The Coastal Bend is a habitat for many types of vegetation and wildlife. Aransas National Wildlife Refuge is among the most prominent centers for wildlife in the United States. Wildlife found in the area includes the rare whooping crane, American alligator, Mexican long-nosed armadillo, West Indian manatee, and numerous other species of wildlife.

The Texas Coastal Bend is an area of demarcation between ranges of various vegetative species. For example, the California fan palm (Washingtonia filifera) is found only west of the Texas Coastal Bend, or more specifically the Balcones Fault.

==Estuaries==
Two of the major estuary systems of Texas are found along the coastal bend: the Nueces Estuary (Corpus Christi Bay) and the Mission–Aransas Estuary (Aransas Bay). The United States Environmental Protection Agency has designated these Texas Coastal Bend Estuaries as an estuary system of national significance under the National Estuary Program.

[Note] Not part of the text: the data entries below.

(* Let $\mathcal{L}$ be a finite geometric lattice, $\mathcal{G}$ a building set of $\mathcal{L}$, and $G\in\mathcal{G}$. Then $\mathcal{G}\setminus\{G\}$ is a building set of $\mathcal{L}$ if and only if the join map \[ \prod_{F\in\max(\mathcal{G}\setminus\{G\})_{\leqslant G}}[\hat0,F]\to[\hat0,G],\qquad (H_F)_F\mapsto\bigvee_F H_F, \] is an isomorphism of posets.
   Context: For $\mathcal{H}\subseteq\mathcal{L}$ and $F\in\mathcal{L}$, $\mathcal{H}_{\leqslant F}=\{H\in\mathcal{H}:H\leqslant F\}$ and $\max\mathcal{H}_{\leqslant F}$ is its set of maximal elements. A building set of $\mathcal{L}$ is $\mathcal{G}\subseteq\mathcal{L}\setminus\{\hat0\}$ such that for every $F\neq\hat0$ the join map $\prod_{H\in\max\mathcal{G}_{\leqslant F}}[\hat0,H]\to[\hat0,F]$ is a poset isomorphism. *)

From HB Require Import structures.
From mathcomp Require Import all_boot all_order.
Set Implicit Arguments. Unset Strict Implicit. Unset Printing Implicit Defensive.
Import Order.TTheory.
Local Open Scope order_scope.

Section Defs.
Context {disp : Order.disp_t} {L : finTBLatticeType disp}.

Definition covers (x y : L) : bool :=
  (x < y) && [forall z : L, ~~ ((x < z) && (z < y))].

Definition atom (a : L) : bool := covers \bot a.

Definition atomistic : Prop :=
  forall x : L, x = \join_(a : L | atom a && (a <= x)) a.

Definition semimodular : Prop :=
  forall a b : L, covers (a `&` b) a -> covers (a `&` b) b ->
    covers a (a `|` b) && covers b (a `|` b).

Definition geometric : Prop := atomistic /\ semimodular.

Definition max_le (H : {set L}) (F : L) : {set L} :=
  [set X in H | (X <= F) &&
     [forall Y in H, ((Y <= F) && (X <= Y)) ==> (X == Y)]].

(* elements of the product prod_{H in M} [\bot, H], represented as finite
   functions supported on M *)
Definition in_prod (M : {set L}) (f : {ffun L -> L}) : Prop :=
  (forall H, H \in M -> f H <= H) /\ (forall H, H \notin M -> f H = \bot).

Definition join_map (M : {set L}) (f : {ffun L -> L}) : L :=
  \join_(H in M) f H.

Definition join_iso (M : {set L}) (F : L) : Prop :=
  [/\ forall f, in_prod M f -> join_map M f <= F,
      forall x, x <= F -> exists2 f, in_prod M f & join_map M f = x &
      forall f g, in_prod M f -> in_prod M g ->
        ((forall H, H \in M -> f H <= g H) <-> join_map M f <= join_map M g)].

Definition building_set (GG : {set L}) : Prop :=
  \bot \notin GG /\
  forall F : L, F != \bot -> join_iso (max_le GG F) F.

End Defs.

(* If G is maximal in GG below F, distinct maximal elements of GG below F can
   only meet in \bot, which is not in GG; hence the maximal elements of GG \ G
   below F are those of GG other than G together with the maximal elements of
   GG \ G below G.  The product over this family maps onto the product over
   max GG_{<= F} by collapsing the factors below G into the G-coordinate, so the
   join isomorphism for F factors through the one for G.  If G is not maximal
   below F, removing it does not change the maximal elements. *)

From HB Require Import structures.
From mathcomp Require Import all_boot all_order.
Import Order.TTheory.

Set Implicit Arguments.
Unset Strict Implicit.
Unset Printing Implicit Defensive.
Local Open Scope order_scope.

Section JoinIso.
Context {disp : Order.disp_t} {L : finTBLatticeType disp}.
Implicit Types (M : {set L}) (F G H X Y : L) (f g : L -> L).

Definition restrict M f : {ffun L -> L} :=
  [ffun H => if H \in M then f H else \bot].

Lemma in_prod_restrict M f :
  {in M, forall H, f H <= H} -> in_prod M (restrict M f).
Proof.
by move=> fM; split=> H; rewrite ffunE; [move=> HM; rewrite HM fM | move/negbTE->].
Qed.

Lemma join_map_restrict M f : join_map M (restrict M f) = \join_(H in M) f H.
Proof. by apply: eq_bigr => H HM; rewrite ffunE HM. Qed.

Lemma join_iso_bound M F f :
  join_iso M F -> {in M, forall H, f H <= H} -> \join_(H in M) f H <= F.
Proof.
by move=> [le_F _ _] fM; rewrite -join_map_restrict; apply/le_F/in_prod_restrict.
Qed.

Lemma join_iso_le M F f g :
  join_iso M F -> {in M, forall H, f H <= H} -> {in M, forall H, g H <= H} ->
  {in M, forall H, f H <= g H} <-> \join_(H in M) f H <= \join_(H in M) g H.
Proof.
move=> [_ _ iso] fM gM; rewrite -!join_map_restrict.
apply: iff_trans (iso _ _ (in_prod_restrict fM) (in_prod_restrict gM)).
by split=> fg H HM; have := fg H HM; rewrite !ffunE HM.
Qed.

Lemma join_iso_disjoint M F G1 G2 X :
  join_iso M F -> G1 \in M -> G2 \in M -> G1 != G2 -> X <= G1 -> X <= G2 ->
  X = \bot.
Proof.
move=> isoM G1M G2M neqG XG1 XG2.
pose single G H := if H == G then X else \bot.
have singleM G : G \in M -> X <= G -> {in M, forall H, single G H <= H}.
  by move=> GM XG H _; rewrite /single; case: eqP => [->|].
have join_single G : G \in M -> \join_(H in M) single G H = X.
  move=> GM; rewrite (big_setD1 G) //= /single eqxx big1 ?joinx0 //.
  by move=> H; rewrite in_setD1 => /andP[/negbTE->].
have := join_iso_le isoM (singleM _ G2M XG2) (singleM _ G1M XG1).
rewrite !join_single // lexx => /proj2/(_ isT)/(_ G2 G2M).
by rewrite /single eqxx eq_sym (negbTE neqG) lex0 => /eqP.
Qed.

Section Collapse.
Variables (A B : {set L}) (F G : L).
Hypotheses (isoA : join_iso A F) (isoB : join_iso B G) (GA : G \in A).

Definition collapse f H :=
  if H == G then \join_(K in B) f K else if H \in A then f H else \bot.

Let C := (A :\ G) :|: B.

Lemma collapse_bound f :
  {in C, forall H, f H <= H} -> {in A, forall H, collapse f H <= H}.
Proof.
move=> fC H HA; rewrite /collapse; case: eqP => [->|/eqP nHG].
  by apply: join_iso_bound isoB _ => K KB; rewrite fC // inE KB orbT.
by rewrite HA fC // !inE nHG HA.
Qed.

Lemma join_collapse f : \join_(H in A) collapse f H = \join_(H in C) f H.
Proof.
rewrite (big_setD1 G) // joins_setU joinC /collapse eqxx; congr (_ `|` _).
by apply: eq_bigr => H; rewrite in_setD1 => /andP[/negbTE-> ->].
Qed.

Lemma le_collapse f g :
  {in C, forall H, f H <= H} -> {in C, forall H, g H <= H} ->
  {in C, forall H, f H <= g H} <-> {in A, forall H, collapse f H <= collapse g H}.
Proof.
move=> fC gC; have sBC : {subset B <= C} by move=> K KB; rewrite inE KB orbT.
have leB := join_iso_le isoB (sub_in1 sBC fC) (sub_in1 sBC gC).
split=> [fg H HA | fg H].
  rewrite /collapse; case: eqP => [_|/eqP nHG]; first by apply/leB => K /sBC/fg.
  by rewrite HA fg // !inE nHG HA.
rewrite !inE => /orP[/andP[nHG HA] | HB].
  by have := fg H HA; rewrite /collapse (negbTE nHG) HA.
by have := fg G GA; rewrite /collapse eqxx => /leB/(_ H HB).
Qed.

Hypothesis disjAB : [disjoint A & B].

Lemma join_iso_collapse : join_iso C F.
Proof.
have [_ surjA _] := isoA; have [_ surjB _] := isoB.
split.
- move=> h [hC _]; rewrite /join_map -join_collapse.
  exact: join_iso_bound isoA (collapse_bound hC).
- move=> x xF; have [f [fA _] <-] := surjA x xF.
  have [g [gB _] gG] := surjB (f G) (fA G GA).
  pose k H := if H \in B then g H else f H.
  have kC : {in C, forall H, k H <= H}.
    move=> H; rewrite !inE /k; case: ifP => [HB _|_]; first exact: gB.
    by rewrite orbF => /andP[_ /fA].
  exists (restrict C k); first exact: in_prod_restrict.
  rewrite join_map_restrict -join_collapse; apply: eq_bigr => H HA.
  rewrite /collapse /k (disjointFr disjAB HA) HA; case: eqP => [->|//].
  by rewrite -gG; apply: eq_bigr => K ->.
- move=> h1 h2 [h1C _] [h2C _]; rewrite /join_map -!join_collapse.
  apply: iff_trans (le_collapse h1C h2C) _.
  exact: join_iso_le isoA (collapse_bound h1C) (collapse_bound h2C).
Qed.

End Collapse.

End JoinIso.

Section MaxLe.
Context {disp : Order.disp_t} {L : finTBLatticeType disp}.
Implicit Types (S : {set L}) (F G X Y Z : L).

Lemma max_leP S F X :
  reflect [/\ X \in S, X <= F & forall Y, Y \in S -> Y <= F -> X <= Y -> X = Y]
          (X \in max_le S F).
Proof.
rewrite /max_le inE.
apply: (iffP andP) => [[XS /andP[XF /forall_inP Xmax]] | [XS XF Xmax]].
  by split=> // Y YS YF XY; apply/eqP/(implyP (Xmax Y YS)); rewrite YF XY.
split; rewrite // XF; apply/forall_inP => Y YS.
by apply/implyP => /andP[YF XY]; rewrite (Xmax Y).
Qed.
Arguments max_leP {S F X}.

Lemma max_le_above S F Y :
  Y \in S -> Y <= F -> exists2 M, M \in max_le S F & Y <= M.
Proof.
move=> YS YF; pose P Z := [&& Z \in S, Y <= Z & Z <= F].
have PY : P Y by rewrite /P YS lexx YF.
case: (arg_maxnP (fun Z => #|[set W | W <= Z]|) PY) => M /and3P[MS YM MF] Mmax.
exists M => //; apply/max_leP; split=> // Z ZS ZF MZ.
have: [set W | W <= M] == [set W | W <= Z].
  rewrite eqEcard; apply/andP; split.
    by apply/subsetP => W; rewrite !inE => /le_trans; apply.
  by apply: Mmax; rewrite /P ZS (le_trans YM MZ) ZF.
by move/eqP/setP/(_ Z); rewrite !inE lexx => ZM; apply/eqP; rewrite eq_le MZ ZM.
Qed.

Lemma max_le_setD1_nonmax S F G :
  G \notin max_le S F -> max_le (S :\ G) F = max_le S F.
Proof.
move=> GnmaxF; apply/setP => X; apply/max_leP/max_leP => [[] | [XS XF Xmax]].
  rewrite in_setD1 => /andP[nXG XS] XF Xmax; split=> // Y YS YF XY.
  have [YG | nYG] := eqVneq Y G; last by apply: Xmax; rewrite ?in_setD1 ?nYG.
  rewrite YG in YS YF XY.
  have [M MmaxF GM] := max_le_above YS YF; have [MS MF _] := max_leP MmaxF.
  have nMG : M != G by apply: contraNneq GnmaxF => <-.
  have XM : X = M by apply: Xmax; rewrite ?in_setD1 ?nMG ?(le_trans XY GM).
  by case/eqP: nMG; apply: le_anti; rewrite GM -XM XY.
have nXG : X != G by apply: contraNneq GnmaxF => <-; apply/max_leP.
split; rewrite ?in_setD1 ?nXG // => Y; rewrite in_setD1 => /andP[_]; exact: Xmax.
Qed.

Lemma max_le_setD1_max S F G :
  \bot \notin S -> join_iso (max_le S F) F -> G \in max_le S F ->
  max_le (S :\ G) F = (max_le S F :\ G) :|: max_le (S :\ G) G.
Proof.
move=> botS isoS GmaxF; have [GS GF _] := max_leP GmaxF.
apply/setP => X; rewrite in_setU in_setD1; apply/max_leP/idP => [[] | ].
  rewrite in_setD1 => /andP[nXG XS] XF Xmax.
  have [XG | nXG'] := boolP (X <= G); apply/orP; [right | left; rewrite nXG].
    apply/max_leP; split; rewrite ?in_setD1 ?nXG // => Y YS YG.
    exact: Xmax YS (le_trans YG GF).
  apply/max_leP; split=> // Y YS YF XY.
  by apply: Xmax; rewrite // in_setD1 YS andbT; apply: contraNneq nXG' => <-.
case/orP => [/andP[nXG /max_leP[XS XF Xmax]] | /max_leP[XS' XG Xmax]].
  split; rewrite ?in_setD1 ?nXG // => Y; rewrite in_setD1 => /andP[_]; exact: Xmax.
split=> //; first exact: le_trans XG GF.
move=> Y YS' YF XY; move: (YS'); rewrite in_setD1 => /andP[_ YS].
have [M MmaxF YM] := max_le_above YS YF.
have [MG | nMG] := eqVneq M G; first by apply: Xmax; rewrite // -MG.
have X0 := join_iso_disjoint isoS MmaxF GmaxF nMG (le_trans XY YM) XG.
by move: XS'; rewrite in_setD1 X0 (negbTE botS) andbF.
Qed.

Lemma max_le_disjoint S F G :
  G \in max_le S F -> [disjoint max_le S F & max_le (S :\ G) G].
Proof.
move=> GmaxF; have [GS GF _] := max_leP GmaxF.
rewrite disjoint_subset; apply/subsetP => X /max_leP[_ _ Xmax]; rewrite inE.
apply/negP => /max_leP[]; rewrite in_setD1 => /andP[nXG _] XG _.
by move: nXG; rewrite (Xmax G) ?eqxx.
Qed.

End MaxLe.

Theorem lemma2p26 (d : Order.disp_t) (L : finTBLatticeType d)
  (GG : {set L}) (G : L) :
  geometric (L := L) -> building_set GG -> G \in GG ->
  (building_set (GG :\ G) <-> join_iso (max_le (GG :\ G) G) G).
Proof.
move=> _ [botGG isoGG] GGG.
split=> [[_ isoGG'] | isoG].
  by apply: isoGG'; apply: contraNneq botGG => <-.
split=> [|F nFbot]; first by rewrite in_setD1 negb_and botGG orbT.
have [GmaxF | GnmaxF] := boolP (G \in max_le GG F).
  rewrite max_le_setD1_max //; last exact: isoGG.
  apply: join_iso_collapse (isoGG F nFbot) isoG GmaxF (max_le_disjoint GmaxF).
by rewrite max_le_setD1_nonmax //; apply: isoGG.
Qed.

== Recreation and tourism ==
The Coastal Bend is a major destination for tourism, water recreation, and nature exploration.

=== Beaches ===

==== National and state parks ====

- Padre Island National Seashore
- Mustang Island State Park

==== Local beaches ====

- North Packery Channel Beach
- Michael J. Ellis Beach & Seawall
- Whitecap Beach
- Padre Balli Park
- South Packery Channel Beach
- Newport Pass Beach
- North Beach
- McGee Beach
- Rockport Beach

=== Nature and hiking trails ===

==== Preserves and refuges ====

- Oso Bay Wetlands Preserve
- Aransas National Wildlife Refuge Trails
- Hans and Pat Suter Wildlife Refuge

==== Botanical and wildlife parks ====

- South Texas Botanical Gardens and Nature Center
- Grasslands Nature Trail
- Hazel Bazemore County Park
- Charlie's Pasture
- Blucher Park
- Lake Corpus Christi State Park

== Government ==
Government in the Coastal Bend consists of federal, state, regional, and county representation. These structures of government work together to ensure that the Coastal Bend region's needs are addressed at every level of policy-making.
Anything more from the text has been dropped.